Collected data

▬▬▬▬▬▬▬▬▬▬

Lemma skew_char_linear (i : Iirr G) : (1 < n)%N -> 'chi_i \is a linear_char ->
  \sum_(x : gT) fC x * 'chi_i x = 0.
Proof.
move=> n_gt1; rewrite lin_irr_der1 => /subsetP der1_ker.
rewrite sumA_pair big1 // => a _.
transitivity (\sum_(b : F) fC (a, b) * 'chi_i ((a, 0) : gT)).
  apply: eq_bigr => b _; congr (_ * _).
  have -> : ((a, b) : gT) = (((a, 0) : gT) * ((0, b) : gT))%g.
    by rewrite mulAE /= add0r addr0 rmorph0 mulr0 addr0.
  by rewrite cfkerMr // der1_ker // centerA_sub_der1.
by rewrite -mulr_suml sum_fC_fibre mul0r.
Qed.

Lemma linear_char_of_center_ker (i : Iirr G) :
  (forall z : gT, z.1 = 0 -> 'Chi_i z = 1%:M) -> 'chi_i \is a linear_char.
Proof.
move=> Z_ker; rewrite lin_irr_der1 -irrRepr cfker_repr derg1 /commutator gen_subG.
apply/subsetP => _ /imset2P[x y _ _ ->]; apply/rkerP; split; first by rewrite inE.
by apply: Z_ker; rewrite commAE.
Qed.

Lemma skew_char_nonlinear (i : Iirr G) : ~~ ('chi_i \is a linear_char) ->
  exists2 c, repr_sum 'Chi_i fC = c%:M & c * c = - (N * N).
Proof.
move=> nonlin; set M := repr_sum 'Chi_i fC; set P := repr_sum 'Chi_i center_ind.
have N0 : N != 0 by rewrite pnatr_eq0 cardF expn_eq0.
have [c Mc] : exists c, M = c%:M.
  apply/is_scalar_mxP; apply: mx_abs_irr_cent_scalar (repr_sum_cent _ fCJ).
  exact/groupC/socle_irr.
have MM : M *m M = - (N * N) *: 1%:M + N *: P.
  rewrite repr_sumM -(repr_sum_delta 'Chi_i) -repr_sum_lin.
  by apply: eq_bigr => x _; rewrite convg_fC_fC.
have MP : M *m P = 0.
  by rewrite repr_sumM /repr_sum big1 // => x _; rewrite convg_fC_center scale0r.
(* If c = 0 then P is a nonzero scalar fixed by the centre, so the centre, which contains the
   derived subgroup, acts trivially. *)
have c0 : c != 0.
  apply: contra nonlin => /eqP c0; apply: linear_char_of_center_ker => z z0.
  have P1 : P = N *: 1%:M.
    apply: (scalerI N0); rewrite scalerA -[N *: P](addKr (- (N * N) *: 1%:M)) -MM.
    by rewrite Mc c0 mul_scalar_mx scale0r addr0 scaleNr opprK.
  have := repr_sum_translate 'Chi_i (phi := center_ind) (z := z).
  rewrite -/P P1 -scalemxAr mulmx1 => /(_ _)/(scalerI N0)-> // h.
  by rewrite /center_ind mulAE /= z0 add0r.
exists c => //; have P0 : P = 0.
  by apply: (scalerI c0); rewrite -mul_scalar_mx -Mc MP scaler0.
apply: (@scalar_mx_inj _ _ _ _ (irr_degree_gt0 (socle_of_Iirr i))).
by rewrite scalar_mxM -Mc MM P0 scaler0 addr0 scalemx1.
Qed.

End AGroup.

Unset Implicit Arguments.

Theorem mainTheorem14 (F : finFieldType) (n m : nat) (th : {rmorphism F -> F})
  (C : {set (@Agrp F th)}) :
  #|F| = (2 ^ n)%N -> n = (2 * m + 1)%N -> (3 <= n)%N ->
  gal_generator th ->
  (* C consists of elements of order 4 and is a union of conjugacy classes *)
  {in C, forall x, #[x]%g = 4%N} ->
  {in C, forall x, (x ^: [set: (@Agrp F th)] \subset C)%g} ->
  (* for each class K of elements of order 4, C contains exactly one of K, K^(-1) *)
  (forall x : (@Agrp F th), #[x]%g = 4%N ->
     ((x ^: [set: (@Agrp F th)])%g \subset C) (+) (((x ^: [set: (@Agrp F th)])^-1)%g \subset C)) ->
  let G := [set: (@Agrp F th)]%G in
  let chiC (i : Iirr G) := \sum_(y in C) 'chi[G]_i y in
  (forall i : Iirr G, 'chi[G]_i \is a linear_char -> chiC i - (chiC i)^* = 0)
  /\ (forall i : Iirr G, 'chi[G]_i \isn't a linear_char ->
        (chiC i - (chiC i)^*) / 'chi[G]_i 1%g \in [:: 2%:R ^+ n * 'i; - (2%:R ^+ n * 'i)])
  /\ (forall a : algC, eigenvalue (skew_adj C) a ->
        a \in [:: 0; 2%:R ^+ n * 'i; - (2%:R ^+ n * 'i)]).
Proof.
move=> cardF n_def n_ge3 th_gen C_order4 C_classes C_skew G chiC.
have odd_n : odd n by rewrite n_def oddD oddM.
have N_E : #|F|%:R = 2%:R ^+ n :> algC by rewrite cardF natrX.
split; [|split] => [i lin_i | i nonlin_i | a].
- rewrite /chiC cfskew_sum (skew_char_linear cardF odd_n th_gen C_order4 C_classes) //.
  exact: leq_trans n_ge3.
- have [c Mc cc] := skew_char_nonlinear cardF odd_n th_gen C_order4 C_classes C_skew nonlin_i.
  rewrite /chiC cfskew_sum -mxtrace_repr_sum Mc mxtrace_scalar irr1_degree.
  rewrite -[c *+ _]mulr_natr.
  by rewrite mulfK ?pnatr_eq0 -?lt0n ?irr_degree_gt0 // -N_E; exact: mulr_eq_Nsqr.
- rewrite -N_E; apply: eigenvalue_cube_Nsqr.
  exact (skew_adj_cube cardF odd_n th_gen C_order4 C_classes C_skew).
Qed.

▬▬▬▬▬▬▬▬▬▬

**EXERCISE GOAL:** The only acceptable answer is the full set of entries, repeated exactly.

**EXERCISE OUTPUT:**
Lemma skew_char_linear (i : Iirr G) : (1 < n)%N -> 'chi_i \is a linear_char ->
  \sum_(x : gT) fC x * 'chi_i x = 0.
Proof.
move=> n_gt1; rewrite lin_irr_der1 => /subsetP der1_ker.
rewrite sumA_pair big1 // => a _.
transitivity (\sum_(b : F) fC (a, b) * 'chi_i ((a, 0) : gT)).
  apply: eq_bigr => b _; congr (_ * _).
  have -> : ((a, b) : gT) = (((a, 0) : gT) * ((0, b) : gT))%g.
    by rewrite mulAE /= add0r addr0 rmorph0 mulr0 addr0.
  by rewrite cfkerMr // der1_ker // centerA_sub_der1.
by rewrite -mulr_suml sum_fC_fibre mul0r.
Qed.

Lemma linear_char_of_center_ker (i : Iirr G) :
  (forall z : gT, z.1 = 0 -> 'Chi_i z = 1%:M) -> 'chi_i \is a linear_char.
Proof.
move=> Z_ker; rewrite lin_irr_der1 -irrRepr cfker_repr derg1 /commutator gen_subG.
apply/subsetP => _ /imset2P[x y _ _ ->]; apply/rkerP; split; first by rewrite inE.
by apply: Z_ker; rewrite commAE.
Qed.

Lemma skew_char_nonlinear (i : Iirr G) : ~~ ('chi_i \is a linear_char) ->
  exists2 c, repr_sum 'Chi_i fC = c%:M & c * c = - (N * N).
Proof.
move=> nonlin; set M := repr_sum 'Chi_i fC; set P := repr_sum 'Chi_i center_ind.
have N0 : N != 0 by rewrite pnatr_eq0 cardF expn_eq0.
have [c Mc] : exists c, M = c%:M.
  apply/is_scalar_mxP; apply: mx_abs_irr_cent_scalar (repr_sum_cent _ fCJ).
  exact/groupC/socle_irr.
have MM : M *m M = - (N * N) *: 1%:M + N *: P.
  rewrite repr_sumM -(repr_sum_delta 'Chi_i) -repr_sum_lin.
  by apply: eq_bigr => x _; rewrite convg_fC_fC.
have MP : M *m P = 0.
  by rewrite repr_sumM /repr_sum big1 // => x _; rewrite convg_fC_center scale0r.
(* If c = 0 then P is a nonzero scalar fixed by the centre, so the centre, which contains the
   derived subgroup, acts trivially. *)
have c0 : c != 0.
  apply: contra nonlin => /eqP c0; apply: linear_char_of_center_ker => z z0.
  have P1 : P = N *: 1%:M.
    apply: (scalerI N0); rewrite scalerA -[N *: P](addKr (- (N * N) *: 1%:M)) -MM.
    by rewrite Mc c0 mul_scalar_mx scale0r addr0 scaleNr opprK.
  have := repr_sum_translate 'Chi_i (phi := center_ind) (z := z).
  rewrite -/P P1 -scalemxAr mulmx1 => /(_ _)/(scalerI N0)-> // h.
  by rewrite /center_ind mulAE /= z0 add0r.
exists c => //; have P0 : P = 0.
  by apply: (scalerI c0); rewrite -mul_scalar_mx -Mc MP scaler0.
apply: (@scalar_mx_inj _ _ _ _ (irr_degree_gt0 (socle_of_Iirr i))).
by rewrite scalar_mxM -Mc MM P0 scaler0 addr0 scalemx1.
Qed.

End AGroup.

Unset Implicit Arguments.

Theorem mainTheorem14 (F : finFieldType) (n m : nat) (th : {rmorphism F -> F})
  (C : {set (@Agrp F th)}) :
  #|F| = (2 ^ n)%N -> n = (2 * m + 1)%N -> (3 <= n)%N ->
  gal_generator th ->
  (* C consists of elements of order 4 and is a union of conjugacy classes *)
  {in C, forall x, #[x]%g = 4%N} ->
  {in C, forall x, (x ^: [set: (@Agrp F th)] \subset C)%g} ->
  (* for each class K of elements of order 4, C contains exactly one of K, K^(-1) *)
  (forall x : (@Agrp F th), #[x]%g = 4%N ->
     ((x ^: [set: (@Agrp F th)])%g \subset C) (+) (((x ^: [set: (@Agrp F th)])^-1)%g \subset C)) ->
  let G := [set: (@Agrp F th)]%G in
  let chiC (i : Iirr G) := \sum_(y in C) 'chi[G]_i y in
  (forall i : Iirr G, 'chi[G]_i \is a linear_char -> chiC i - (chiC i)^* = 0)
  /\ (forall i : Iirr G, 'chi[G]_i \isn't a linear_char ->
        (chiC i - (chiC i)^*) / 'chi[G]_i 1%g \in [:: 2%:R ^+ n * 'i; - (2%:R ^+ n * 'i)])
  /\ (forall a : algC, eigenvalue (skew_adj C) a ->
        a \in [:: 0; 2%:R ^+ n * 'i; - (2%:R ^+ n * 'i)]).
Proof.
move=> cardF n_def n_ge3 th_gen C_order4 C_classes C_skew G chiC.
have odd_n : odd n by rewrite n_def oddD oddM.
have N_E : #|F|%:R = 2%:R ^+ n :> algC by rewrite cardF natrX.
split; [|split] => [i lin_i | i nonlin_i | a].
- rewrite /chiC cfskew_sum (skew_char_linear cardF odd_n th_gen C_order4 C_classes) //.
  exact: leq_trans n_ge3.
- have [c Mc cc] := skew_char_nonlinear cardF odd_n th_gen C_order4 C_classes C_skew nonlin_i.
  rewrite /chiC cfskew_sum -mxtrace_repr_sum Mc mxtrace_scalar irr1_degree.
  rewrite -[c *+ _]mulr_natr.
  by rewrite mulfK ?pnatr_eq0 -?lt0n ?irr_degree_gt0 // -N_E; exact: mulr_eq_Nsqr.
- rewrite -N_E; apply: eigenvalue_cube_Nsqr.
  exact (skew_adj_cube cardF odd_n th_gen C_order4 C_classes C_skew).
Qed.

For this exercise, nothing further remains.